Lemma normc_real {R : rcfType} (c : R) : Normc.normc c%:C = `|c|.
Proof. by rewrite /Normc.normc /= expr0n /= addr0 sqrtr_sqr. Qed.

Lemma normc_expi {R : realType} (t : R) : Normc.normc (expi t) = 1.
Proof. by rewrite /expi /Normc.normc cos2Dsin2 sqrtr1. Qed.

Lemma l2norm_le_finite_support {R : realType} {V : choiceType} {mu : V -> R}
    {F u : V -> R[i]} {B : set V} {c : R} :
  finite_set B -> 0 <= c -> (forall x, 0 < mu x) -> (forall x, ~ B x -> F x = 0) ->
  \sum_(x <- fset_set B) mu x * Normc.normc (F x) ^+ 2 <=
    c ^+ 2 * \sum_(x <- fset_set B) mu x * Normc.normc (u x) ^+ 2 ->
  (l2sq mu u < +oo)%E ->
  (l2norm mu F <= c%:E * l2norm mu u)%E.
Proof.
move=> B_fin c_ge0 mu_gt0 F_out F_le u_l2.
have term_ge0 (G : V -> R[i]) x : 0 <= mu x * Normc.normc (G x) ^+ 2.
  by rewrite mulr_ge0 ?sqr_ge0 ?ltW.
have sum_B (G : V -> R[i]) : (\sum_(x \in B) (mu x * Normc.normc (G x) ^+ 2)%:E)%E =
    (\sum_(x <- fset_set B) mu x * Normc.normc (G x) ^+ 2)%:E.
  by rewrite fsbig_finite // sumEFin.
have F_sq : l2sq mu F = (\sum_(x <- fset_set B) mu x * Normc.normc (F x) ^+ 2)%:E.
  rewrite /l2sq -sum_B -esum_fset // => [|x _]; last by rewrite lee_fin.
  rewrite [in RHS]esum_mkcond; apply: eq_esum => x _.
  by case: ifPn => // /negP xB; rewrite F_out ?Normc.normc0 ?expr0n ?mulr0 // => /mem_set.
have u_sq : ((\sum_(x <- fset_set B) mu x * Normc.normc (u x) ^+ 2)%:E <= l2sq mu u)%E.
  by rewrite -sum_B; apply: esum_ge; exists B.
have u_sq_ge0 : (0 <= l2sq mu u)%E by apply: esum_ge0 => x _; rewrite lee_fin.
rewrite /l2norm F_sq; move: u_l2 u_sq u_sq_ge0; case: (l2sq mu u) => [r| |] //= _.
rewrite !lee_fin => u_sq r_ge0.
rewrite -(ger0_norm c_ge0) -sqrtr_sqr -sqrtrM ?sqr_ge0 // ler_sqrt ?mulr_ge0 ?sqr_ge0 //.
by apply: le_trans F_le _; apply: ler_wpM2l; first exact: sqr_ge0.
Qed.

Lemma finite_has_ubound {R : realType} (E : set R) : finite_set E -> has_ubound E.
Proof.
move=> E_fin; exists (\sum_(x <- fset_set E) `|x|) => x Ex.
have xE : x \in fset_set E by rewrite in_fset_set //; apply: mem_set.
rewrite (bigD1_seq x xE (fset_uniq _)) /=.
by apply: le_trans (ler_norm x) _; rewrite lerDl; apply: sumr_ge0.
Qed.

Section Cutoff.
Context {R : realType} {V : choiceType} (b : V -> V -> R) (x0 : V) (n : nat).
Hypotheses (b_ge0 : forall x y, 0 <= b x y)
  (b_sym : forall x y, b x y = b y x) (con : connected_graph b)
  (nbrs_fin : forall x, finite_set (nbrs b x)).

Local Notation chin := (chi b x0 n).
Local Notation B := (ball_g b x0 (2 * n)).
Local Notation D := (dmax b x0 (2 * n)).
Local Notation P := (pmax b x0 (2 * n)).

Definition chi_grad x y := b x y * (chin x - chin y).

Lemma chi_eq0 x : (2 * n <= gdist b x0 x)%N -> chin x = 0.
Proof.
move=> far; have s_le0 : ((2 * n)%:R - (gdist b x0 x)%:R) / n%:R <= 0 :> R.
  by rewrite mulr_le0_ge0 ?invr_ge0 ?ler0n // subr_le0 ler_nat.
by rewrite /chi max_r // min_l ?ler01.
Qed.

Lemma chi_lipschitz x y : adj b x y -> `|chin x - chin y| <= n%:R^-1.
Proof.
move=> xy; have yx : adj b y x by rewrite /adj b_sym.
have := gdist_adj con x0 xy; have := gdist_adj con x0 yx.
rewrite -!(ler_nat R) !mulrSr => dx dy.
apply: le_trans (clamp01_lipschitz _ _) _.
rewrite -mulrBl normrM normfV normr_nat ler_piMl ?invr_ge0 ?ler0n //.
by rewrite ler_norml natrM; apply/andP; split; lra.
Qed.
Lemma join_basisx0 S : join_basis S set0 = basis S.
Proof.
rewrite join_basisC join_basis0x cards0 muln0 expr0.
exact: mulr1z.
Qed.

Lemma jmulA x y z : jmul (jmul x y) z = jmul x (jmul y z).
Proof.
move: x; apply: (@zlinear_basis_eq _ _ (fun x => jmul (jmul x y) z)
                                       (fun x => jmul x (jmul y z))) => [||S].
- exact: zlinear_comp (jmul_zlinearl z) (jmul_zlinearl y).
- exact: jmul_zlinearl.
move: y; apply: (@zlinear_basis_eq _ _ (fun y => jmul (jmul (basis S) y) z)
                                       (fun y => jmul (basis S) (jmul y z))) => [||T].
- exact: zlinear_comp (jmul_zlinearl z) (jmul_zlinearr (basis S)).
- exact: zlinear_comp (jmul_zlinearr (basis S)) (jmul_zlinearl z).
rewrite jmul_basis; move: z; apply: (@zlinear_basis_eq _ _ (jmul (join_basis S T))
                                       (fun z => jmul (basis S) (jmul (basis T) z))) => [||U].
- exact: jmul_zlinearr.
- exact: zlinear_comp (jmul_zlinearr (basis S)) (jmul_zlinearr (basis T)).
by rewrite jmul_basis join_basis_assoc.
Qed.

Lemma jmul1x x : jmul (junit m) x = x.
Proof.
apply: (@zlinear_basis_eq _ _ (jmul (junit m)) id (jmul_zlinearr _)) => // S.
by rewrite jmul_basis join_basis0x.
Qed.

Lemma jmulx1 x : jmul x (junit m) = x.
Proof.
apply: (@zlinear_basis_eq _ _ (fun x => jmul x (junit m)) id (jmul_zlinearl _)) => // S.
by rewrite jmul_basis join_basisx0.
Qed.

End JoinAlgebra.

Section Grading.
Variable m : nat.
Implicit Types (S T : {set 'I_m}) (x y : Nsimp m).

Lemma Nhom0 k : Nhom k (0 : Nsimp m).
Proof. by move=> S; rewrite ffunE eqxx. Qed.

Lemma NhomD k a x y : Nhom k x -> Nhom k y -> Nhom k (x *~ a + y).
Proof.
move=> hx hy S; rewrite ffunE ffunMzE.
by have [->|/hx //] := eqVneq (x S) 0; rewrite mul0rz add0r => /hy.
Qed.

Lemma NhomZ k a x : Nhom k x -> Nhom k (x *~ a).
Proof. by move=> hx; rewrite -[_ *~ _]addr0; apply: NhomD hx (Nhom0 k). Qed.

Lemma Nhom_sum k (I : finType) (P : pred I) (F : I -> Nsimp m) :
  (forall i, P i -> Nhom k (F i)) -> Nhom k (\sum_(i | P i) F i).
Proof.
move=> hF; apply: big_ind => //; first exact: Nhom0.
by move=> x y hx hy; rewrite -[x]mulr1z; apply: NhomD.
Qed.

Lemma Nhom_basisZ S c : Nhom #|S| (basis S *~ c).
Proof.
move=> U; rewrite ffunMzE basisE; have [-> // | _] := eqVneq U S.
by rewrite mul0rz eqxx.
Qed.

Lemma Nhom_basis S : Nhom #|S| (basis S).
Proof. by rewrite -[basis S]mulr1z; apply: Nhom_basisZ. Qed.

Lemma Nhom_join_basis S T : Nhom (#|S| + #|T|) (join_basis S T).
Proof.
have [ST | nST] := boolP [disjoint S & T]; last first.
  by rewrite (join_basis_nondisjoint nST); apply: Nhom0.
rewrite (join_basis_disjoint ST) -cardsUI.
by move: ST; rewrite -setI_eq0 => /eqP ->; rewrite cards0 addn0; apply: Nhom_basisZ.
Qed.

Lemma Nhom_jmul p q x y : Nhom p x -> Nhom q y -> Nhom (p + q) (jmul x y).
Proof.
move=> hx hy; rewrite jmulE; apply: Nhom_sum => S _; apply: Nhom_sum => T _.
have [-> | /hx pS] := eqVneq (x S) 0; first by rewrite mul0r mulr0z; apply: Nhom0.
have [-> | /hy qT] := eqVneq (y T) 0; first by rewrite mulr0 mulr0z; apply: Nhom0.
by rewrite -pS -qT; apply/NhomZ/Nhom_join_basis.
Qed.

Lemma jmulC p q x y : Nhom p x -> Nhom q y -> jmul x y = jmul y x *~ (-1) ^+ (p * q).
Proof.
move=> hx hy; rewrite !jmulE mulrz_suml exchange_big; apply: eq_bigr => T _.
rewrite mulrz_suml; apply: eq_bigr => S _.
rewrite (join_basisC S T) [y T * _]mulrC mulrzAC.
have [-> | ] := eqVneq (x S * y T) 0; first by rewrite mulr0z !mul0rz.
by rewrite mulf_eq0 negb_or => /andP[/hx <- /hy <-].
Qed.
(* There exists a (necessarily discontinuous) map $f:[0,1]\to[0,1]$ such that the chain components poset $(\mathfrak{C}_f,\preceq)$ is order isomorphic to $([0,1]\cap\mathbb{Q},\le)$.
   Context: No regularity is assumed on maps. For a map $f:[0,1]\to[0,1]$ with the usual metric: an $\varepsilon$-chain from $x$ to $y$ is a finite sequence $x_0=x,\dots,x_n=y$, $n\ge1$, with $|f(x_i)-x_{i+1}|<\varepsilon$; $x\,\mathcal{C}\,y$ iff for every $\varepsilon>0$ there is an $\varepsilon$-chain from $x$ to $y$; $CR_f=\{x:x\,\mathcal{C}\,x\}$; $x\,E\,y$ iff $x\,\mathcal{C}\,y$ and $y\,\mathcal{C}\,x$; $\mathfrak{C}_f=CR_f/E$ is the set of chain components, partially ordered by $[x]\preceq[y]$ iff $y\,\mathcal{C}\,x$. *)

From Stdlib Require Import Reals.
From mathcomp Require Import all_boot all_order all_algebra.

Local Open Scope R_scope.

Definition I01 (x : R) : Prop := 0 <= x <= 1.

Definition self_map01 (f : R -> R) : Prop := forall x, I01 x -> I01 (f x).

Definition eps_chain (f : R -> R) (eps x y : R) : Prop :=
  exists (n : nat) (s : nat -> R),
    (1 <= n)%nat /\ s 0%nat = x /\ s n = y /\
    (forall i, (i <= n)%nat -> I01 (s i)) /\
    (forall i, (i < n)%nat -> Rabs (f (s i) - s (S i)) < eps).

Definition chain_rel (f : R -> R) (x y : R) : Prop :=
  I01 x /\ I01 y /\ forall eps, 0 < eps -> eps_chain f eps x y.

Definition CR (f : R -> R) (x : R) : Prop := chain_rel f x x.

Definition chainE (f : R -> R) (x y : R) : Prop := chain_rel f x y /\ chain_rel f y x.

(* The poset of chain components (CR_f / E, with [x] <= [y] iff y C x) is order
   isomorphic to ([0,1] ∩ Q, <=): there is g : CR_f -> [0,1] ∩ Q that is
   constant exactly on E-classes (so it induces a bijection on CR_f / E),
   onto [0,1] ∩ Q, and satisfies [x] <= [y] <-> g x <= g y. *)
Definition chain_components_iso_Q01 (f : R -> R) : Prop :=
  exists g : R -> rat,
    (forall x, CR f x -> (0 <= g x)%R /\ (g x <= 1)%R) /\
    (forall x y, CR f x -> CR f y -> (chainE f x y <-> g x = g y)) /\
    (forall q : rat, (0 <= q)%R -> (q <= 1)%R -> exists x, CR f x /\ g x = q) /\
    (forall x y, CR f x -> CR f y -> (chain_rel f y x <-> (g x <= g y)%R)).

(* Place the rationals in [0,1] by an order embedding [site] (a weighted count of the
   rationals below q along an enumeration of Q) under which every [site q] is isolated: no
   other site lies within [radius q] of it. The sites of [0,1] ∩ Q are fixed points. In the
   gap below [site u] a sequence of jump points converges to [site u], and for each rational
   q in [0, u) infinitely many of them are sent to [site q]; every other point is sent to
   [site 0]. So an eps-chain can descend from [site u] to any lower site, while the region
   below [site b + radius b / 2] is mapped below [site b] and traps every chain entering it,
   so chains never climb. Similar traps show that no point other than a site is chain
   recurrent; hence the chain components are the sites, ordered like [0,1] ∩ Q. *)

From Stdlib Require Import Reals Lra ClassicalEpsilon.
From mathcomp Require Import all_boot all_order all_algebra.
From Coquelicot Require Import Coquelicot.
Lemma stars_lift (l : word) : sumn (map (@pstars O X) (map liftp l)) = 0%N.
Proof. by elim: l => //= p l ->; rewrite pstars_lift. Qed.

Lemma wf_lift (p : oprim O X) : wf_prim ar (liftp p) = wf_prim ar p.
Proof.
elim/oprim_ind': p => [a|d args IH] //=.
rewrite size_map; congr (_ && _).
elim: args IH => //= w args IHa [Hw /IHa ->]; congr (_ && _).
rewrite /nilp size_map; congr (_ && _).
by elim: w Hw => //= q w IHw [-> /IHw ->].
Qed.

Lemma all_wf_lift (l : word) : wf_letters (map liftp l) = wf_letters l.
Proof. by elim: l => //= p l ->; rewrite wf_lift. Qed.

(* A context: either l * r (star at top level, between l and r), or
   l delta(la.., k, ..ra) r (star inside an argument of an operation). *)
Inductive ctx :=
  | CTop of word & word
  | CDeep of word & word & O & seq word & ctx & seq word.

Fixpoint fill (k : ctx) (x : word) : word :=
  match k with
  | CTop l r => l ++ x ++ r
  | CDeep l r d la k' ra => l ++ [:: PO d (la ++ fill k' x :: ra)] ++ r
  end.

Definition core (k : ctx) (x : word) : word :=
  match k with
  | CTop _ _ => x
  | CDeep _ _ d la k' ra => [:: PO d (la ++ fill k' x :: ra)]
  end.
Definition cl (k : ctx) : word := match k with CTop l _ => l | CDeep l _ _ _ _ _ => l end.
Definition cr (k : ctx) : word := match k with CTop _ r => r | CDeep _ r _ _ _ _ => r end.
Definition setLR (k : ctx) (l r : word) : ctx :=
  match k with
  | CTop _ _ => CTop l r
  | CDeep _ _ d la k' ra => CDeep l r d la k' ra
  end.

Lemma fill_core k x : fill k x = cl k ++ core k x ++ cr k.
Proof. by case: k. Qed.
Lemma fill_setLR k l r x : fill (setLR k l r) x = l ++ core k x ++ r.
Proof. by case: k. Qed.
Lemma setLR_id k : setLR k (cl k) (cr k) = k.
Proof. by case: k. Qed.
Lemma setLR_setLR k l r l' r' : setLR (setLR k l r) l' r' = setLR k l' r'.
Proof. by case: k. Qed.
Lemma cl_setLR k l r : cl (setLR k l r) = l. Proof. by case: k. Qed.
Lemma cr_setLR k l r : cr (setLR k l r) = r. Proof. by case: k. Qed.

Fixpoint toStar (k : ctx) : oword O (option X) :=
  match k with
  | CTop l r => map liftp l ++ [:: PX None] ++ map liftp r
  | CDeep l r d la k' ra =>
      map liftp l ++ [:: PO d (map (map liftp) la ++ toStar k' :: map (map liftp) ra)]
        ++ map liftp r
  end.

Definition starcore (k : ctx) : oword O (option X) :=
  match k with
  | CTop _ _ => [:: PX None]
  | CDeep _ _ d la k' ra => [:: PO d (map (map liftp) la ++ toStar k' :: map (map liftp) ra)]
  end.

Lemma toStar_core k : toStar k = map liftp (cl k) ++ starcore k ++ map liftp (cr k).
Proof. by case: k. Qed.
Lemma toStar_setLR k l r : toStar (setLR k l r) = map liftp l ++ starcore k ++ map liftp r.
Proof. by case: k. Qed.

Lemma wsubst_toStar k x : wsubst (toStar k) x = fill k x.
Proof.
have lifted (s : seq word) : map (fun w => wsubst (map liftp w) x) s = s.
  by elim: s => //= w s ->; rewrite wsubst_lift.
elim: k => [l r|l r d la k IH ra] /=; rewrite wsubst_cat wsubst_lift /wsubst /=.
  by rewrite -/(wsubst _ _) wsubst_lift.
rewrite -/(wsubst _ _) wsubst_lift map_cat /= -/(wsubst _ _) IH -!map_comp.
by rewrite !lifted.
Qed.

Fixpoint ccomp (k k' : ctx) : ctx :=
  match k with
  | CTop l r => setLR k' (l ++ cl k') (cr k' ++ r)
  | CDeep l r d la k0 ra => CDeep l r d la (ccomp k0 k') ra
  end.

Lemma fill_ccomp k k' x : fill (ccomp k k') x = fill k (fill k' x).
Proof.
elim: k => [l r|l r d la k IH ra] /=; last by rewrite IH.
by rewrite fill_setLR fill_core !catA.
Qed.

Fixpoint wf_ctx (k : ctx) : bool :=
  match k with
  | CTop l r => wf_letters l && wf_letters r
  | CDeep l r d la k' ra =>
      [&& wf_letters l, wf_letters r, (size la + size ra).+1 == ar d,
          all (@wf_word O ar _) la, all (@wf_word O ar _) ra & wf_ctx k']
  end.

Lemma wf_cl k : wf_ctx k -> wf_letters (cl k).
Proof. by case: k => [l r /andP[]|l r d la k ra /and5P[]]. Qed.
Lemma wf_cr k : wf_ctx k -> wf_letters (cr k).
Proof. by case: k => [l r /andP[]|l r d la k ra /and5P[]]. Qed.
Lemma wf_setLR k l r : wf_ctx k -> wf_letters l -> wf_letters r -> wf_ctx (setLR k l r).
Proof.
case: k => [l0 r0|l0 r0 d la k ra] /=; first by move=> _ -> ->.
by move=> /and5P[_ _ -> -> /andP[-> ->]] -> ->.
Qed.

Lemma wf_fill_core k x : wf_ctx k -> wf_word ar x ->
  wf_word ar (core k x) /\ wf_word ar (fill k x).
Proof.
elim: k x => [l r|l r d la k IH ra] x /=.
  move=> /andP[Hl Hr] Hx; split=> //; move: Hx; rewrite /wf_word /nilp !all_cat Hl Hr /=.
  by rewrite !size_cat; case/andP=> Hn ->; rewrite andbT; case: (size x) Hn => //= n; rewrite addnS.
move=> /and5P[Hl Hr Hs Hla /andP[Hra Hk]] Hx; have [_ Hf] := IH x Hk Hx.
have Hc : wf_word ar [:: PO d (la ++ fill k x :: ra)].
  rewrite /wf_word /= andbT size_cat /= addnS -(eqP Hs) eqxx /= all_cat /= Hla Hra.
  by move: Hf; rewrite /wf_word => ->.
split=> //; rewrite /wf_word /nilp size_cat /= addnS /= all_cat Hl /= Hr andbT.
by move: Hc; rewrite /wf_word /= andbT.
Qed.

Lemma wf_ccomp k k' : wf_ctx k -> wf_ctx k' -> wf_ctx (ccomp k k').
Proof.
elim: k => [l r|l r d la k IH ra] /=.
  by move=> /andP[Hl Hr] Hk'; apply: wf_setLR => //; rewrite all_cat ?Hl ?Hr ?wf_cl ?wf_cr.
by move=> /and5P[-> -> -> -> /andP[-> Hk]] Hk' /=; apply: IH.
Qed.

Lemma star_toStar k : wf_ctx k -> is_star_word ar (toStar k).
Proof.
have no_stars (s : seq word) :
  sumn [seq sumn [seq pstars i | i <- w] | w <- map (map liftp) s] = 0%N.
  by elim: s => //= w s ->; rewrite stars_lift.
have wf_args (s : seq word) : all (@wf_word O ar _) s ->
  all (fun w => ~~ nilp w && wf_letters w) (map (map liftp) s).
  by elim: s => //= w s IHs /andP[Hw /IHs ->]; rewrite andbT /nilp size_map all_wf_lift.
rewrite /is_star_word; elim: k => [l r|l r d la k IH ra] /=.
  move=> /andP[Hl Hr]; rewrite /wf_word /nilp !map_cat !sumn_cat !stars_lift size_cat /= addnS /=.
  by rewrite !all_cat /= !all_wf_lift Hl Hr stars_lift.
move=> /and5P[Hl Hr Hs Hla /andP[Hra Hk]]; have /andP[Hwk /eqP Hsk] := IH Hk.
rewrite /wf_word /nilp !map_cat !sumn_cat !stars_lift size_cat /= addnS /=.
rewrite !all_cat /= !all_wf_lift Hl Hr /= andbT size_cat /= !size_map addnS -(eqP Hs) eqxx /=.
rewrite !map_cat !sumn_cat /= Hsk no_stars no_stars stars_lift all_cat /= !wf_args //.
by rewrite !addn0 !add0n eqxx !andbT; move: Hwk; rewrite /wf_word.
Qed.

Definition star_decomp (q : oprim O (option X)) : Prop :=
  wf_prim ar q ->
  (pstars q = 0%N -> exists p, q = liftp p) /\
  (pstars q = 1%N -> exists k, wf_ctx k /\ [:: q] = toStar k).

• **Work to be completed**:
From the records above, transcribe exactly the run of lines that opens with the line holding "V) (n : nat)." and closes with the line holding "move=> xy; have", both included.

• **Solution to the problem**:
Context {R : realType} {V : choiceType} (b : V -> V -> R) (x0 : V) (n : nat).
Hypotheses (b_ge0 : forall x y, 0 <= b x y)
  (b_sym : forall x y, b x y = b y x) (con : connected_graph b)
  (nbrs_fin : forall x, finite_set (nbrs b x)).

Local Notation chin := (chi b x0 n).
Local Notation B := (ball_g b x0 (2 * n)).
Local Notation D := (dmax b x0 (2 * n)).
Local Notation P := (pmax b x0 (2 * n)).

Definition chi_grad x y := b x y * (chin x - chin y).

Lemma chi_eq0 x : (2 * n <= gdist b x0 x)%N -> chin x = 0.
Proof.
move=> far; have s_le0 : ((2 * n)%:R - (gdist b x0 x)%:R) / n%:R <= 0 :> R.
  by rewrite mulr_le0_ge0 ?invr_ge0 ?ler0n // subr_le0 ler_nat.
by rewrite /chi max_r // min_l ?ler01.
Qed.

Lemma chi_lipschitz x y : adj b x y -> `|chin x - chin y| <= n%:R^-1.
Proof.
move=> xy; have yx : adj b y x by rewrite /adj b_sym.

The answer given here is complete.